• **YOUR GOAL**
Please count every line of the following material that holds "exists" and give the total alone.

### DATASET EXCERPTS

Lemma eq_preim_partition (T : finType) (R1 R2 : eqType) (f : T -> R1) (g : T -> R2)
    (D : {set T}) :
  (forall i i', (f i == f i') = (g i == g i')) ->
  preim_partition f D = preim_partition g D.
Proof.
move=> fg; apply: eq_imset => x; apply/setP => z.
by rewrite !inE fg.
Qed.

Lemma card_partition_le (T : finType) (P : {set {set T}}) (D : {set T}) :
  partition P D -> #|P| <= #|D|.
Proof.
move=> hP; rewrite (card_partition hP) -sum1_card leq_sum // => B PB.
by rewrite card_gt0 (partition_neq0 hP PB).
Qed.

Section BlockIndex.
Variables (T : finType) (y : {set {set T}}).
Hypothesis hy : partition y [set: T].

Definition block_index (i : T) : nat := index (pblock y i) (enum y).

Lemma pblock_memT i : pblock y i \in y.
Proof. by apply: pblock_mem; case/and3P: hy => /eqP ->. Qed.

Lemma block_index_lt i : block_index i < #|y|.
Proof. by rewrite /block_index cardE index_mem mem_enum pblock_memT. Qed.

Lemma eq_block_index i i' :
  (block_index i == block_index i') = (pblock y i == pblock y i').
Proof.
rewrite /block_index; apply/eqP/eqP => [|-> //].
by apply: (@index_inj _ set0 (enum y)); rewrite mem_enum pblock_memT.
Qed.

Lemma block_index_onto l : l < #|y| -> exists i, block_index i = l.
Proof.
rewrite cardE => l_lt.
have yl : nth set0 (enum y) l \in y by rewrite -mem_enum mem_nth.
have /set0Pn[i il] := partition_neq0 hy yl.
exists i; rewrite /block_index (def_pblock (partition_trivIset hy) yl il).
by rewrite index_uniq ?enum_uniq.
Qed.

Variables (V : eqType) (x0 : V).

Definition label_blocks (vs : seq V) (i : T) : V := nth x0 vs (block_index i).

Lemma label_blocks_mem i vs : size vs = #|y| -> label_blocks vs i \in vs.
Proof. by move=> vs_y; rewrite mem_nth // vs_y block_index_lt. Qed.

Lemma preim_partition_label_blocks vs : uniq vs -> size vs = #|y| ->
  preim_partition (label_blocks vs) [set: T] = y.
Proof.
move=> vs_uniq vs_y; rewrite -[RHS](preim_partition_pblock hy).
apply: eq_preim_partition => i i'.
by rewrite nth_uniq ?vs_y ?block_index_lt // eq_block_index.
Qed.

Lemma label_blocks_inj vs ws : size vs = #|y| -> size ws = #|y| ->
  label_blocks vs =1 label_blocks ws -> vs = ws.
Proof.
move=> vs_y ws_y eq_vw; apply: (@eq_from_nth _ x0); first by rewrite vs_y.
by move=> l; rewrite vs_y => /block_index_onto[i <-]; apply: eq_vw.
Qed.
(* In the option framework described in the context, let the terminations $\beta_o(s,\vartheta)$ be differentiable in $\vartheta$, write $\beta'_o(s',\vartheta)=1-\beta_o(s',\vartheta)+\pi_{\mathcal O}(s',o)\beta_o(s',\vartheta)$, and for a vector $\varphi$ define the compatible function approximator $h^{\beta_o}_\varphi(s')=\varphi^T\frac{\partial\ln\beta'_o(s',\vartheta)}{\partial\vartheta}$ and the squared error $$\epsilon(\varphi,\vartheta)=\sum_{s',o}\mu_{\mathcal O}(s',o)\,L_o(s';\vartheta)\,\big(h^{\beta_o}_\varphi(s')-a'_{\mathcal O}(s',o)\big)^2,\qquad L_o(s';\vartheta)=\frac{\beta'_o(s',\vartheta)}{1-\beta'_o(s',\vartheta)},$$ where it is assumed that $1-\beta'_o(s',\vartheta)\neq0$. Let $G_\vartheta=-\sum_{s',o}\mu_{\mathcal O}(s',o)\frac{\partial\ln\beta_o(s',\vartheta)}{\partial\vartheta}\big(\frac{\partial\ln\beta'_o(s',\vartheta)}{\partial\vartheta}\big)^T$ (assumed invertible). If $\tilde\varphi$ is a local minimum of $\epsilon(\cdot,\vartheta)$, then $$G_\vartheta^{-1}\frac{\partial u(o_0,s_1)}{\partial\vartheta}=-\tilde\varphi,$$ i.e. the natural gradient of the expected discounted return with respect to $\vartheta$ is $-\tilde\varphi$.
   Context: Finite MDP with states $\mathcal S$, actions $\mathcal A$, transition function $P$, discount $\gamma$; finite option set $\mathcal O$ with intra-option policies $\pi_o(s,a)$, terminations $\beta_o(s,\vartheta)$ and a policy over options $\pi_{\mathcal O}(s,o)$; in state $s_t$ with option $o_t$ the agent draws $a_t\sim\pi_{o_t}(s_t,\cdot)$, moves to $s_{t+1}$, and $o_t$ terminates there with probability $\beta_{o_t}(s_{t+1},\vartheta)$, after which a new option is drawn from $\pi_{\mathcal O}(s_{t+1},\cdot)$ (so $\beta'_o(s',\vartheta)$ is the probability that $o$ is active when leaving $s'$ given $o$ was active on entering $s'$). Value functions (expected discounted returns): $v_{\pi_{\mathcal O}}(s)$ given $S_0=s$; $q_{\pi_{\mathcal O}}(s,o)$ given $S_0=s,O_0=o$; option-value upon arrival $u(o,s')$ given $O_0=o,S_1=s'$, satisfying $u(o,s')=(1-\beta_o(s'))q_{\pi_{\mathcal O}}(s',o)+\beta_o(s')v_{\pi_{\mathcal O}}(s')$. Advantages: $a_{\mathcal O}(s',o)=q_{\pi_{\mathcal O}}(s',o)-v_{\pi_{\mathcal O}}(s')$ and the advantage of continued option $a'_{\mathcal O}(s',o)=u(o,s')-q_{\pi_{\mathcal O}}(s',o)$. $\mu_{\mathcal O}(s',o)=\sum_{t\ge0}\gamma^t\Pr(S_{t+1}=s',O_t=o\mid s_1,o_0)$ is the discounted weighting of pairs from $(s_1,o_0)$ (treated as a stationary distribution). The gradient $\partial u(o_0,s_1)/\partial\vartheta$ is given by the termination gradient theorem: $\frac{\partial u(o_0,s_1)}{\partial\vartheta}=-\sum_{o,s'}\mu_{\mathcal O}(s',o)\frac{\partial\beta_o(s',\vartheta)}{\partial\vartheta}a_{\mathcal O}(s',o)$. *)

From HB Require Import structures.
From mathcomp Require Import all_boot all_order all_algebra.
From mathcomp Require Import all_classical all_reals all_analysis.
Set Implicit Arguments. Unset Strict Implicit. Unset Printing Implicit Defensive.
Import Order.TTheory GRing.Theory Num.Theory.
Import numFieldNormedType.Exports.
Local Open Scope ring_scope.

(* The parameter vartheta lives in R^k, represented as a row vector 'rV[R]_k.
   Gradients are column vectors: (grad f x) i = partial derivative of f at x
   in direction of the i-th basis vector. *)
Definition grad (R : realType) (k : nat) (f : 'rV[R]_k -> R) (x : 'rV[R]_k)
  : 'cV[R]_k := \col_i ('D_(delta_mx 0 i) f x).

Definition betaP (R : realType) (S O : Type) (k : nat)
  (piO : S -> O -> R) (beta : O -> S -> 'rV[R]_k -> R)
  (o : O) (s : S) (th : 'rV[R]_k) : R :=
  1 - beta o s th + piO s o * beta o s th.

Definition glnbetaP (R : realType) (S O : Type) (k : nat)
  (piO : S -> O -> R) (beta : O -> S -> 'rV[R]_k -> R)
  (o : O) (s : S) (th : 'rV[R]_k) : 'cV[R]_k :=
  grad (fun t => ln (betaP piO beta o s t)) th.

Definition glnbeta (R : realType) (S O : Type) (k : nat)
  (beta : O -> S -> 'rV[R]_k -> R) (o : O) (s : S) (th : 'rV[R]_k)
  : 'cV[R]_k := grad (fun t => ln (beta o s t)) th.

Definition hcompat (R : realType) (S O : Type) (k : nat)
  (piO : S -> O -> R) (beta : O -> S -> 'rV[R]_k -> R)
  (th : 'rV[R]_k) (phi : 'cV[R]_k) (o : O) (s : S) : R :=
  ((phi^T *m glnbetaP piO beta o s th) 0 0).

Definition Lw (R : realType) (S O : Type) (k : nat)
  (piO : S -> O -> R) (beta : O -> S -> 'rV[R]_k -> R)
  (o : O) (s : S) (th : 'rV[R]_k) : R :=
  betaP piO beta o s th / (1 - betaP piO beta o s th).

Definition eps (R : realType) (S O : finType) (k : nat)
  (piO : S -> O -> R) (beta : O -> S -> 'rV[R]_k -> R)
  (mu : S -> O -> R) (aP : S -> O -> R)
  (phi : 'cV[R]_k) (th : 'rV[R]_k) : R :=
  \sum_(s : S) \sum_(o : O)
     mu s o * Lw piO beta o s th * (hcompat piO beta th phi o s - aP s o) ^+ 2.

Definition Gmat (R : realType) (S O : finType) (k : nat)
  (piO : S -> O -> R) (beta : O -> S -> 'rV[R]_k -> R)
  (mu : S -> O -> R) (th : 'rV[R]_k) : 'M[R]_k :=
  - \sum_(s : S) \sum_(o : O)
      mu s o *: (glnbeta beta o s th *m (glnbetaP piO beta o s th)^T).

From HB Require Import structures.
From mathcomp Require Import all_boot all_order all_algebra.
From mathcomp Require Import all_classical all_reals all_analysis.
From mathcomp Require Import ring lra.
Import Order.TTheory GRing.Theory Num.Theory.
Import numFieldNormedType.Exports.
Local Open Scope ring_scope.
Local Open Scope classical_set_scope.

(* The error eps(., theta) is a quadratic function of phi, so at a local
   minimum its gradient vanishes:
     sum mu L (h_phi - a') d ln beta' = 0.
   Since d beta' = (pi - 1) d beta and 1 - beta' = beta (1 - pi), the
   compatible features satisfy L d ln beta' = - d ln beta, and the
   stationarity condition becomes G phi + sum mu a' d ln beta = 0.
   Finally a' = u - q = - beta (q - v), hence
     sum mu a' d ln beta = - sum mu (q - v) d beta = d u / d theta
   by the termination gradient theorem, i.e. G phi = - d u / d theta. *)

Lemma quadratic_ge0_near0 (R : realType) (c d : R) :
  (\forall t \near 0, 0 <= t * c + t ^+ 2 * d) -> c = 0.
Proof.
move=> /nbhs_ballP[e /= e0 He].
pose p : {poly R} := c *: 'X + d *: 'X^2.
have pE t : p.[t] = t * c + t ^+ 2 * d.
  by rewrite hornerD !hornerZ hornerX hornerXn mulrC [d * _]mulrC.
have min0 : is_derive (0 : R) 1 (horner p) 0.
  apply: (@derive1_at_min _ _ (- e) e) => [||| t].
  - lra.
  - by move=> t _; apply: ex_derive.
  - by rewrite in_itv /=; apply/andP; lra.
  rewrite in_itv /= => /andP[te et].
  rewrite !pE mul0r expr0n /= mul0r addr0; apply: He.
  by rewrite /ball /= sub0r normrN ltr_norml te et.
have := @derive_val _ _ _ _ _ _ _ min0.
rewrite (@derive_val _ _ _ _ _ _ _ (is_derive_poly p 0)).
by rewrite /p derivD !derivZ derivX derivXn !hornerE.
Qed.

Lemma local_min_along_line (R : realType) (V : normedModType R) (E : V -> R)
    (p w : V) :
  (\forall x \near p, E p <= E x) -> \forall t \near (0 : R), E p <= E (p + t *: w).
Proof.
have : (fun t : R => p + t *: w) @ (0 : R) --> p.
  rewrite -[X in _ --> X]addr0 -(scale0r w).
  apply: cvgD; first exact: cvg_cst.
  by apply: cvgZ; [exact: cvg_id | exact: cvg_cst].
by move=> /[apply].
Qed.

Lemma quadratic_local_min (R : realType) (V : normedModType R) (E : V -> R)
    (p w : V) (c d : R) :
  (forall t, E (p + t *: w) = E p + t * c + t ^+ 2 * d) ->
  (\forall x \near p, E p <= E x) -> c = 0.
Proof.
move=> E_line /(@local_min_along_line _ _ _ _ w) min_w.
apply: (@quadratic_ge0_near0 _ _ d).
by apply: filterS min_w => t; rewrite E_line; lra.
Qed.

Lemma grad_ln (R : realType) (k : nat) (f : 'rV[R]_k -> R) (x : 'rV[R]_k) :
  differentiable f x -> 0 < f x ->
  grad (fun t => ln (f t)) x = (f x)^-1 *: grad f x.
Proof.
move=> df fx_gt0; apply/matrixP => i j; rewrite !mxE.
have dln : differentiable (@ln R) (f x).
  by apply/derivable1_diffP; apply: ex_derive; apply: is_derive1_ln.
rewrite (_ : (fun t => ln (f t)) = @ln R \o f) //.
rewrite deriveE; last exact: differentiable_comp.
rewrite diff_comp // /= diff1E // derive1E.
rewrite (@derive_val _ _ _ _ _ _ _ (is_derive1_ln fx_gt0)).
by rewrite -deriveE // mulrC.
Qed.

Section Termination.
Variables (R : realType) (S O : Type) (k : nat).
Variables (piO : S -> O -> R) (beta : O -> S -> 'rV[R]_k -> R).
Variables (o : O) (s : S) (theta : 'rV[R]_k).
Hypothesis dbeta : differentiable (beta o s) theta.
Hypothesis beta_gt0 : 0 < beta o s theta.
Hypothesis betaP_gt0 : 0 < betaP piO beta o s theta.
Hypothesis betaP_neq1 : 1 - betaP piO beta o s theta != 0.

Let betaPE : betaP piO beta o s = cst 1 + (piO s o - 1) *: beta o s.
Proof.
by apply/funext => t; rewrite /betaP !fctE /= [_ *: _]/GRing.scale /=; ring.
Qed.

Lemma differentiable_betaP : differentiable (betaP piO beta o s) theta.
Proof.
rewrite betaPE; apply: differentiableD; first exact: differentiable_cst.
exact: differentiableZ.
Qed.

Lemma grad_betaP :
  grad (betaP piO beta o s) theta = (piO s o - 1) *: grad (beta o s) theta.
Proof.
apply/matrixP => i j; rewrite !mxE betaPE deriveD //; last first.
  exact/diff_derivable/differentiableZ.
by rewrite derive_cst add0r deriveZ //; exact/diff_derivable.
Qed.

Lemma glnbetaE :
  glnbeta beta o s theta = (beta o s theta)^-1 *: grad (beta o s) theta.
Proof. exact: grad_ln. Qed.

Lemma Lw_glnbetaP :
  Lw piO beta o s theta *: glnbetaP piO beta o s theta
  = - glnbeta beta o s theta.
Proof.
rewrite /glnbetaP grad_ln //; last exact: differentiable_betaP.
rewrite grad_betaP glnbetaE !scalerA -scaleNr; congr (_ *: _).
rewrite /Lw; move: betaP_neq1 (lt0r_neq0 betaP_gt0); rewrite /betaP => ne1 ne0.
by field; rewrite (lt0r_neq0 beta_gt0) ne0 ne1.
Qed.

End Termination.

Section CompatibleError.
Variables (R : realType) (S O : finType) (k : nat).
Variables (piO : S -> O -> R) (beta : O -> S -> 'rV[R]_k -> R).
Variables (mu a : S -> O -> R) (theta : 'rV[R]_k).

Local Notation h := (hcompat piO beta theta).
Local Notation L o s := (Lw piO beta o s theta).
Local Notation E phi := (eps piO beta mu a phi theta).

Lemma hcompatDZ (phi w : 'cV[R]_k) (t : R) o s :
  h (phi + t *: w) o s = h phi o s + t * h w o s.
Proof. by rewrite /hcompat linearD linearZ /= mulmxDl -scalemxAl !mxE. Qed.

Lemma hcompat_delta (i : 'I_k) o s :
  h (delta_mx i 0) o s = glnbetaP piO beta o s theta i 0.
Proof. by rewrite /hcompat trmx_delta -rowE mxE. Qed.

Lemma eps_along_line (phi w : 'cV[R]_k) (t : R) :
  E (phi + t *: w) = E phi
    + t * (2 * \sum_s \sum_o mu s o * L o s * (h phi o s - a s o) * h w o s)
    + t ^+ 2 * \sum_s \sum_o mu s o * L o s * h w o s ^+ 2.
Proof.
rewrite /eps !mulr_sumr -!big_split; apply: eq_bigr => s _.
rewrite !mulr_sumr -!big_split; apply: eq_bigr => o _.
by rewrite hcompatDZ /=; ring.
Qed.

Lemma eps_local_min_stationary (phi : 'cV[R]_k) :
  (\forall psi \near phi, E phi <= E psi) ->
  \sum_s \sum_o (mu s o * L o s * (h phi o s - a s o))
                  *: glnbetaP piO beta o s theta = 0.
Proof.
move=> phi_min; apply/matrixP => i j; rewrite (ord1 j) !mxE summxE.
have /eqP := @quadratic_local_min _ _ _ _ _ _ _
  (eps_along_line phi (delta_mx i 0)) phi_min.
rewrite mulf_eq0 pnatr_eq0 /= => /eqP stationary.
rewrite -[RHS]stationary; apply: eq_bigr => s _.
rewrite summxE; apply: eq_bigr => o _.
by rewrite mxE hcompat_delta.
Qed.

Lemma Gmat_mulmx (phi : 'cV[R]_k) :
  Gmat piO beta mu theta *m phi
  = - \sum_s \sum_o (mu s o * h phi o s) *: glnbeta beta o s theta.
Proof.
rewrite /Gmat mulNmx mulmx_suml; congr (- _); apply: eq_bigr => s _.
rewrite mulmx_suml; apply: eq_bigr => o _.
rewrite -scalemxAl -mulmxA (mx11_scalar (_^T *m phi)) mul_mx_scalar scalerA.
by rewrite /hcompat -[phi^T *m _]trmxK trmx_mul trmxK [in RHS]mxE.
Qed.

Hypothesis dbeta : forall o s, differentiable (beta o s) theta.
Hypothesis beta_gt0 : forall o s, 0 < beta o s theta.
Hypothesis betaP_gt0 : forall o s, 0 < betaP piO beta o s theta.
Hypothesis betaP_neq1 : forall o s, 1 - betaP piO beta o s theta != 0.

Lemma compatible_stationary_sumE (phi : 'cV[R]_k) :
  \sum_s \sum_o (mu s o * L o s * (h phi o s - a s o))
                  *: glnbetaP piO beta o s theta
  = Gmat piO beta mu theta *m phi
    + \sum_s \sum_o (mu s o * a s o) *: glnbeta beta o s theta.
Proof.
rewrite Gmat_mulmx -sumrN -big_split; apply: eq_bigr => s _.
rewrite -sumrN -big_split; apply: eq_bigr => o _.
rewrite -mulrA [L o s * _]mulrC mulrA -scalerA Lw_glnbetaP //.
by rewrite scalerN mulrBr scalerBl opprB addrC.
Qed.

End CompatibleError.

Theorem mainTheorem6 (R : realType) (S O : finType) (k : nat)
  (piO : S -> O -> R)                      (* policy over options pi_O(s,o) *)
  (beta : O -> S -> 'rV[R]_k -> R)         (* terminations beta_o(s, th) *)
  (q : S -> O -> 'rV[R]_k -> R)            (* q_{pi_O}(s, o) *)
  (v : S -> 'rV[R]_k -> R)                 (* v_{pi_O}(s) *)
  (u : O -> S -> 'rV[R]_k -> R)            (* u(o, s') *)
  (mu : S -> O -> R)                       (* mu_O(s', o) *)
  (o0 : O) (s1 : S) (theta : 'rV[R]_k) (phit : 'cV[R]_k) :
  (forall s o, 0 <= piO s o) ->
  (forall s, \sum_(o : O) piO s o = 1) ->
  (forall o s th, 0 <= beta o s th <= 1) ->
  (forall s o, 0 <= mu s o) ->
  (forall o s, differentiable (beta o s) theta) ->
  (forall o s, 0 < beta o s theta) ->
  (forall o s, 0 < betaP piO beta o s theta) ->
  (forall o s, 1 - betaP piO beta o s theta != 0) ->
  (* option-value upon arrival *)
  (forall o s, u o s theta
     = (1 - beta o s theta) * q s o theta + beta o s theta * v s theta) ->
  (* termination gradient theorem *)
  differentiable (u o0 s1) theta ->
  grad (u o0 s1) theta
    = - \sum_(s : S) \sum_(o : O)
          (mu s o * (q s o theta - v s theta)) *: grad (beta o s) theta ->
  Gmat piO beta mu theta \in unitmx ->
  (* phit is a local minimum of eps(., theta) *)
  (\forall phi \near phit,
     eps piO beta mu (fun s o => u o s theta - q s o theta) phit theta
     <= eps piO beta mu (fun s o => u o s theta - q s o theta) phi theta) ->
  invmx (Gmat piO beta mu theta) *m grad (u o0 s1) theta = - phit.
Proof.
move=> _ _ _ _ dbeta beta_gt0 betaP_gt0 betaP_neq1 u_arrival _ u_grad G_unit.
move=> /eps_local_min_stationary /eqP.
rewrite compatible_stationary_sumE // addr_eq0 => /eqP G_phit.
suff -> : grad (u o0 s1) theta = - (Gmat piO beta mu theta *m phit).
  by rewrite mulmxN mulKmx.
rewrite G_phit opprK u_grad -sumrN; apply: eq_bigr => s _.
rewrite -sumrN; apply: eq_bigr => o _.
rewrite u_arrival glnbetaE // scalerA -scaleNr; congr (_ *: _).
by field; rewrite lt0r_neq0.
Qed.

######

• **EXERCISE RESPONSE**
2